Кади. В чем преступление этого паренька?
Шейх. Он вор. Вор-карманник. Пойман на месте преступления, при попытке стянуть кошелек у одного мусульманина.
Кади. Свидетели есть?
Шейх. Есть. Двое мужчин. И потерпевший тоже. Он-то и схватил руку вору, когда тот уже вытащил кошелек. Вот потерпевший, а вот и свидетели.
Кади. А свидетели честные? Им можно доверять?
Шейх. Вполне. О них положительно отзывается сам имам Аскар. Они оба намазханы – совершают пятикратный намаз.
Кади. Ну, тогда можно верить.
К кади подходит потерпевший и два свидетеля.
Кади. (потерпевшему) Вы подтверждаете, что этот парень украл у вас бумажник?
Потерпевший. Да, подтверждаю. И прошу примерно наказать вора, в назидание другим. (шейху) Я вас полностью поддерживаю, шейх. Эти воры и преступники совсем распоясались. Пора кончать с этим безобразием.
Шейх. Покончим, покончим! Пусть никто в этом не сомневается.
Кади. (первому свидетелю) Вы можете засвидетельствовать, что этот парень украл кошелек у этого мусульманина?
Первый свидетель. Да, я сам своими глазами видел, как он вытащил кошелек из кармана этого мусульманина.
Кади. Перед тем, как свидетельствовать, скажите: ашхаду – я свидетельствую. И давайте точнее – он вытащил кошелек, или украл?
Первый свидетель. (насмешливо) А какая разница? Вытащил, – значит украл. (из толпы слышится смех)
Шейх. (строго) Есть разница. Это суд шариата, здесь нет мелочей, кади должен выяснить степень вины каждого преступника, чтобы потом вынести справедливый приговор. Поэтому точно отвечайте на его вопросы.
Первый свидетель. Хорошо. Ашхаду, я свидетельствую, что этот парень украл кошелек у этого человека.
Кади. Хорошо. (второму свидетелю) А вы можете засвидетельствовать, что этот парень украл кошелек у этого мусульманина?
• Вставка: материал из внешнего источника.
(** For
    -<u,v> > 2 the horodisks are disjoint and this is their distance; otherwise
    they overlap and it is minus the distance between the feet on the side. *)
Lemma glen_ideal u v : gvertex 0 u -> gvertex 0 v -> mink u v < 0 ->
  glen 0 u 0 v (ln (- mink u v / 2)).
Proof.
  intros Gu Gv Hm. pose proof Gu as [Hu Pu]. pose proof Gv as [Hv Pv].
  set (c := - mink u v) in *.
  destruct (horocycle_feet u v Gu Gv Hm) as [p [q [Bp [Lp [Bq [Lq [Hpv Hpq]]]]]]].
  fold c in Hpv, Hpq.
  assert (Ec : mink u v = - c) by (unfold c; ring).
  assert (Hc : 0 < c) by lra.
  assert (Cosh : c / 4 + / c = cosh (ln (c / 2))) by (rewrite cosh_ln by lra; field; lra).
  assert (Dpq : hdist p q = Rabs (ln (c / 2)))
    by (unfold hdist; rewrite Hpq, Cosh; apply arcosh_cosh).
  destruct (Rlt_or_le 2 c) as [Far|Near].
  - assert (Pos : 0 <= ln (c / 2)) by (rewrite <- ln_1; left; apply ln_increasing; lra).
    assert (Far1 : 1 < c / 4 + / c).
    { apply (Rmult_lt_reg_l c); [lra|].
      replace (c * (c / 4 + / c)) with (c * c / 4 + 1) by (field; lra). nra. }
    left. split.
    + intros x [[Hx Hxu] [_ Hxv]].
      pose proof (horodisk_bound u v x x Hu Hv Pu Pv ltac:(lra) Hx Hx Hxu Hxv) as Low.
      rewrite Ec, Ropp_involutive in Low. destruct Hx. lra.
    + apply setdist_attained.
      * intros x y [Hx Hxu] [Hy Hyv]. rewrite <- (Rabs_right (ln (c / 2))), <- arcosh_cosh,
          <- Cosh by lra.
        unfold hdist. apply arcosh_mono; [lra|]. apply horodisk_bound; auto; lra.
      * destruct Bp as [Hp Hpu], Bq as [Hq Hqv].
        exists p, q. split; [split; [exact Hp | lra]|]. split; [split; [exact Hq | lra]|].
        rewrite Dpq. apply Rabs_right. lra.
  - assert (Neg : ln (c / 2) <= 0).
    { rewrite <- ln_1. destruct (Req_dec (c / 2) 1) as [->|N]; [lra|].
      left; apply ln_increasing; lra. }
    right. split.
    + exists p. destruct Bp as [[Hpp Hp3] Hpu]. repeat split; auto; lra.
    + exists p, q. do 4 (split; [assumption|]). rewrite Dpq, Rabs_left1 by lra. ring.
Qed.

Lemma side_ok_ideal u v : gvertex 0 u -> gvertex 0 v ->
  side_ok 0 u 0 v <-> mink u v < 0.
Proof.
  simpl. intros [Hu Pu] [Hv Pv]. split.
  - intros [a [b [Ha [Hb [[Hx _] _]]]]].
    rewrite mink_linl, !mink_linr, Hu, Hv, (mink_sym v u) in Hx.
    destruct (Rlt_or_le (mink u v) 0) as [|Ge]; auto.
    assert (0 <= a * b * mink u v) by (apply Rmult_le_pos; [apply Rmult_le_pos|]; lra). nra.
  - intro Hm.
    destruct (exists_sqrt (-2 * (0 + mink u v))) as [k [kp K]]; [lra|].
    assert (0 < / k) by (apply Rinv_0_lt_compat; lra).
    exists (/k), (/k). repeat split; try lra; auto.
    all: apply (bisector_H2 u v 0 k); auto.
Qed.

(** The side between two hyperideal vertices survives truncation iff their
    polars are ultraparallel, i.e. <u,v> < -1. *)
Lemma side_ok_hyperideal u v : gvertex (-1) u -> gvertex (-1) v ->
  side_ok (-1) u (-1) v <-> mink u v < -1.
Proof.
  simpl. intros [Hu Pu] [Hv Pv]. split.
  - intros [a [b [Ha [Hb [[Hx _] [Cu Cv]]]]]].
    apply Rnot_le_lt in Cu. apply Rnot_le_lt in Cv.
    rewrite mink_linl, Hu, (mink_sym v u) in Cu.
    rewrite mink_linl, Hv in Cv.
    rewrite mink_linl, !mink_linr, Hu, Hv, (mink_sym v u) in Hx. nra.
  - intro Hm.
    destruct (exists_sqrt (-2 * (1 + mink u v))) as [k [kp K]]; [lra|].
    assert (0 < / k) by (apply Rinv_0_lt_compat; lra).
    exists (/k), (/k). repeat split; try lra.
    1, 2: apply (bisector_H2 u v 1 k); auto.
    all: simpl; rewrite mink_linl; rewrite ?Hu, ?Hv, ?(mink_sym v u); nra.
Qed.

Definition side_bound (eps : Z) : R := match eps with Z0 => 0 | _ => -1 end.

Definition side_length (eps : Z) (u v : V3) : R :=
  match eps with Z0 => ln (- mink u v / 2) | _ => arcosh (- mink u v) end.

Lemma side_ok_iff eps u v : (eps = 0%Z \/ eps = (-1)%Z) -> gvertex eps u -> gvertex eps v ->
  side_ok eps u eps v <-> mink u v < side_bound eps.
Proof. intros [-> | ->]; [apply side_ok_ideal | apply side_ok_hyperideal]. Qed.

Lemma glen_side_length eps u v : (eps = 0%Z \/ eps = (-1)%Z) -> gvertex eps u -> gvertex eps v ->
  mink u v < side_bound eps -> glen eps u eps v (side_length eps u v).
Proof. intros [-> | ->]; [apply glen_ideal | apply glen_hyperideal]. Qed.

Lemma side_length_sym eps u v : side_length eps u v = side_length eps v u.
Proof. unfold side_length. now rewrite mink_sym. Qed.

Lemma side_ok_sym t1 v1 t2 v2 : side_ok t1 v1 t2 v2 -> side_ok t2 v2 t1 v1.
Proof.
  intros [a [b [Ha [Hb [H [C1 C2]]]]]]. exists b, a. rewrite (lin_comm b v2 a v1). tauto.
Qed.

Lemma gtri_swap12 e d v1 v2 v3 : gtri e e d v1 v2 v3 -> gtri e e d v2 v1 v3.
Proof.
  intros [G1 [G2 [G3 [D [S12 [S23 S31]]]]]].
  repeat split; auto; try (apply side_ok_sym; assumption).
  replace (det3 v2 v1 v3) with (- det3 v1 v2 v3) by (unfold det3; ring). lra.
Qed.

Lemma setdist_sym A B d : setdist A B d -> setdist B A d.
Proof.
  assert (Flip : forall (P Q : V3 -> Prop) t,
    (exists x y, P x /\ Q y /\ t = hdist x y) -> exists x y, Q x /\ P y /\ t = hdist x y).
  { intros P Q t [x [y [Px [Qy ->]]]]. exists y, x. unfold hdist. rewrite mink_sym. auto. }
  intros [Low Great]. split.
  - intros t Ht. apply Low, Flip, Ht.
  - intros m' Hm. apply Great. intros t Ht. apply Hm, Flip, Ht.
Qed.

(** At an ideal vertex the horocyclic arc is traversed backwards: swap the
    endpoints and replace the unit tangent T by -T - s w. *)
Lemma horo_angle_swap w u v th : gvertex 0 w -> gangle 0 w u v th -> gangle 0 w v u th.
Proof.
  simpl. intros [Hw Pw] [p [q [T [s [Bp [Gp [Bq [Gq [HTT [HTp [HTw [Hq Hth]]]]]]]]]]]].
  exists q, p, (lin (-1) T (-s) w), s.
  destruct Bp as [Hp Bp]. destruct Bq as [Hq' Bq].
  assert (HTq : mink T q = s) by (rewrite Hq, !mink_linr, HTp, HTT, HTw; ring).
  assert (Hwq : mink w q = mink w p) by (rewrite Hq, !mink_linr, Hw, (mink_sym w T), HTw; ring).
  split; [split; assumption|]. split; [exact Gq|].
  split; [split; assumption|]. split; [exact Gp|].
  split; [|split; [|split; [|split; [|exact Hth]]]].
  - rewrite mink_linl, !mink_linr, HTT, HTw, (mink_sym w T), HTw, Hw. ring.
  - rewrite mink_linl, HTq, Hwq, (mink_sym w p). replace (mink p w) with (-1) by lra. ring.
  - rewrite mink_linl, HTw, Hw. ring.
  - rewrite Hq. destruct p, T, w. unfold lin; simpl. f_equal; field.
Qed.

Lemma gangle_swap d w u v th : gvertex d w -> gangle d w u v th -> gangle d w v u th.
Proof.
  destruct d; intro Gw.
  - now apply horo_angle_swap.
  - simpl. intros [Hth Hcos]. split; [exact Hth|].
    rewrite Hcos, Rmult_comm. f_equal. apply mink_sym.
  - apply setdist_sym.
Qed.

Lemma cosh_sq_sub_sinh_sq x : cosh x * cosh x - sinh x * sinh x = 1.
Proof. unfold cosh, sinh. rewrite exp_Ropp. field. apply Rgt_not_eq, exp_pos. Qed.

Lemma cosh_double x : cosh (x + x) = cosh x * cosh x + sinh x * sinh x.
Proof.
  unfold cosh, sinh. rewrite !exp_Ropp, exp_plus. field. apply Rgt_not_eq, exp_pos.
Qed.

Lemma cosh_pos x : 0 < cosh x.
Proof. unfold cosh. pose proof (exp_pos x). pose proof (exp_pos (- x)). lra. Qed.

Lemma sinh_pos x : 0 < x -> 0 < sinh x.
Proof. intro Hx. rewrite <- sinh_0. now apply sinh_lt. Qed.

Lemma cosh_gt_1 x : 0 < x -> 1 < cosh x.
Proof.
  intro Hx. pose proof (cosh_sq_sub_sinh_sq x). pose proof (sinh_pos x Hx).
  pose proof (cosh_pos x). nra.
Qed.

Lemma ideal_vertices l1 l2 l3 : exists w1 w2 w3,
  gvertex 0 w1 /\ gvertex 0 w2 /\ gvertex 0 w3 /\ det3 w1 w2 w3 <> 0 /\
  mink w2 w3 = -2 * exp l1 /\ mink w3 w1 = -2 * exp l2 /\ mink w1 w2 = -2 * exp l3.
Proof.
  set (a := exp ((l2 + l3 - l1) / 2)). set (b := exp ((l1 + l3 - l2) / 2)).
  set (c := exp ((l1 + l2 - l3) / 2)).
  assert (ap : 0 < a) by apply exp_pos. assert (bp : 0 < b) by apply exp_pos.
  assert (cp : 0 < c) by apply exp_pos.
  assert (bc : b * c = exp l1) by (unfold b, c; rewrite <- exp_plus; f_equal; field).
  assert (ca : c * a = exp l2) by (unfold a, c; rewrite <- exp_plus; f_equal; field).
  assert (ab : a * b = exp l3) by (unfold a, b; rewrite <- exp_plus; f_equal; field).
  exists (mkV a 0 a), (mkV (-b) 0 b), (mkV 0 (2 * c) (2 * c)).
  unfold gvertex, mink, det3; simpl.
  assert (0 < a * b * c) by (repeat apply Rmult_lt_0_compat; auto).
  repeat split; try lra; try nra.
Qed.

Lemma hexagon_apex C3 S3 B C : 0 < C3 -> 0 < S3 -> C3 * C3 - S3 * S3 = 1 -> 0 < B -> 0 < C ->
  exists w, gvertex (-1) w /\ 0 < c2 w /\
    mink (mkV (-C3) 0 S3) w = - C /\ mink w (mkV C3 0 S3) = - B.
Proof.
  intros C3p S3p CS Bp Cp.
  assert (SC : S3 < C3) by nra.
  set (z := (B + C) / (2 * S3)). set (x := (C - B) / (2 * C3)).
  assert (Ez : z * (2 * S3) = B + C) by (unfold z; field; lra).
  assert (Ex : x * (2 * C3) = C - B) by (unfold x; field; lra).
  assert (zp : 0 < z) by nra.
  assert (xz : x * x <= z * z).
  { assert (Sq : (x * (2 * C3)) * (x * (2 * C3)) <= (z * (2 * C3)) * (z * (2 * C3))).
    { rewrite Ex. apply Rle_trans with ((z * (2 * S3)) * (z * (2 * S3))); [rewrite Ez; nra|].
      apply Rmult_le_compat; nra. }
    nra. }
  destruct (exists_sqrt (1 + z * z - x * x)) as [y [yp Y]]; [lra|].
  exists (mkV x y z). unfold gvertex, mink; simpl. repeat split; nra.
Qed.

Lemma hyperideal_vertices l1 l2 l3 : 0 < l1 -> 0 < l2 -> 0 < l3 -> exists w1 w2 w3,
  gvertex (-1) w1 /\ gvertex (-1) w2 /\ gvertex (-1) w3 /\ det3 w1 w2 w3 <> 0 /\
  mink w2 w3 = - cosh l1 /\ mink w3 w1 = - cosh l2 /\ mink w1 w2 = - cosh l3.
Proof.
  intros H1 H2 H3.
  set (C3 := cosh (l3 / 2)). set (S3 := sinh (l3 / 2)).
  assert (CS : C3 * C3 - S3 * S3 = 1) by apply cosh_sq_sub_sinh_sq.
  assert (S3p : 0 < S3) by (apply sinh_pos; lra).
  assert (C3p : 0 < C3) by apply cosh_pos.
  destruct (hexagon_apex C3 S3 (cosh l2) (cosh l1) C3p S3p CS (cosh_pos l2) (cosh_pos l1))
    as [w3 [G3 [Y3 [M23 M31]]]].
  exists (mkV C3 0 S3), (mkV (-C3) 0 S3), w3.
  assert (G : forall c, gvertex (-1) (mkV c 0 S3) <-> c * c - S3 * S3 = 1).
  { intro c. unfold gvertex, mink; simpl. split; [intros [E _]; lra | intro E; split; lra]. }
  split; [apply G; exact CS|]. split; [apply G; lra|]. split; [exact G3|].
  split; [|split; [exact M23|split]].
  - destruct w3 as [x y z]. unfold det3; simpl in *. intro E.
    assert (0 < C3 * S3 * y)
      by (apply Rmult_lt_0_compat; [apply Rmult_lt_0_compat|]; assumption).
    nra.
  - exact M31.
  - unfold mink; simpl. replace l3 with (l3 / 2 + l3 / 2) by field.
    rewrite cosh_double. fold C3 S3. ring.
Qed.
(* Let $M=I\times F_1\times F_2\times F_3$ with metric $g=-dt^2\oplus\phi^{2p_1}g_{F_1}\oplus\phi^{2p_2}g_{F_2}\oplus\phi^{2p_3}g_{F_3}$, where $I\subset\mathbb{R}$ is an open interval, $\phi:I\to(0,\infty)$ is smooth, $p_1,p_2,p_3\in\mathbb{R}$ with $p_i\neq p_j$ for some $i,j\in\{1,2,3\}$, and each $(F_i,g_{F_i})$ is a one-dimensional Riemannian manifold; let $\zeta=p_1+p_2+p_3$, $\eta=p_1^2+p_2^2+p_3^2$, and let $\overline\nabla$ be the semi-symmetric metric connection determined by $P=\frac{\partial}{\partial t}$. Then $(M,\overline\nabla)$ is Einstein with Einstein constant $\lambda$ if and only if $\lambda=0$, $\frac{2\eta}{\zeta^2}=1$, and $\phi=c_0e^{\frac{2t}{\zeta}}$ for a constant $c_0$.
   Context: $\nabla$ is the Levi-Civita connection of $g$, $\pi(X)=g(X,P)$, and $\overline\nabla_XY=\nabla_XY+\pi(Y)X-g(X,Y)P$. Conventions: $\overline R(X,Y)Z=\overline\nabla_X\overline\nabla_YZ-\overline\nabla_Y\overline\nabla_XZ-\overline\nabla_{[X,Y]}Z$, $\overline{\mathrm{Ric}}(X,Y)=\sum_k\varepsilon_kg(\overline R(X,E_k)Y,E_k)$ for a local orthonormal frame $(E_k)$, $\varepsilon_k=g(E_k,E_k)$; Einstein with constant $\lambda$ means $\overline{\mathrm{Ric}}=\lambda g$. *)

From Stdlib Require Import Reals.
From Coquelicot Require Import Coquelicot.
Open Scope R_scope.

(* Local coordinates on M = I x F1 x F2 x F3:  x 0 = t,  x 1, x 2, x 3 =
   arc-length coordinates on the one-dimensional Riemannian manifolds F_i
   (so g_{F_i} = dx_i^2).  A point is x : nat -> R, only x 0..x 3 matter. *)
Definition Pt := nat -> R.
Definition VF := Pt -> nat -> R.

Definition sum4 (f : nat -> R) : R := sum_f_R0 f 3.

Definition pd (a : nat) (f : Pt -> R) (x : Pt) : R :=
  Derive (fun s => f (fun i => if Nat.eqb i a then s else x i)) (x a).

Definition pvec (p1 p2 p3 : R) (i : nat) : R :=
  match i with 1%nat => p1 | 2%nat => p2 | _ => p3 end.

Definition gc (phi : R -> R) (p : nat -> R) (a b : nat) (x : Pt) : R :=
  if Nat.eqb a b then
    (if Nat.eqb a 0 then -1 else Rpower (phi (x 0%nat)) (2 * p a))
  else 0.

Definition gm phi p (u v : nat -> R) (x : Pt) : R :=
  sum4 (fun a => sum4 (fun b => gc phi p a b x * u a * v b)).

(* Christoffel symbols of the Levi-Civita connection (metric is diagonal,
   so g^{cd} = delta_{cd} / g_{cc}) *)
Definition Gamma phi p (c a b : nat) (x : Pt) : R :=
  / (2 * gc phi p c c x) *
  (pd a (gc phi p b c) x + pd b (gc phi p a c) x - pd c (gc phi p a b) x).

Definition nablaLC phi p (X Y : VF) : VF := fun x c =>
  sum4 (fun a => X x a * pd a (fun y => Y y c) x) +
  sum4 (fun a => sum4 (fun b => Gamma phi p c a b x * X x a * Y x b)).

Definition Pf : VF := fun _ c => if Nat.eqb c 0 then 1 else 0.

Definition nablabar phi p (X Y : VF) : VF := fun x c =>
  nablaLC phi p X Y x c + gm phi p (Y x) (Pf x) x * X x c
  - gm phi p (X x) (Y x) x * Pf x c.

Definition bracket (X Y : VF) : VF := fun x c =>
  sum4 (fun a => X x a * pd a (fun y => Y y c) x - Y x a * pd a (fun y => X y c) x).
Второй свидетель. Ашхаду – я свидетельствую – этот парень украл кошелек у этого человека. Я это видел собственными глазами. Да там все это видели. Дело-то происходило на базаре, там людей полно. Только, кроме нас двоих никто не согласился быть свидетелями.
Шейх. Ваших свидетельств достаточно. Наши люди еще не все сознательные. Они не понимают, что укрывая сегодня вора, завтра сами станут его жертвой. (потерпевшему и свидетелям) Вы можете идти. (те уходят)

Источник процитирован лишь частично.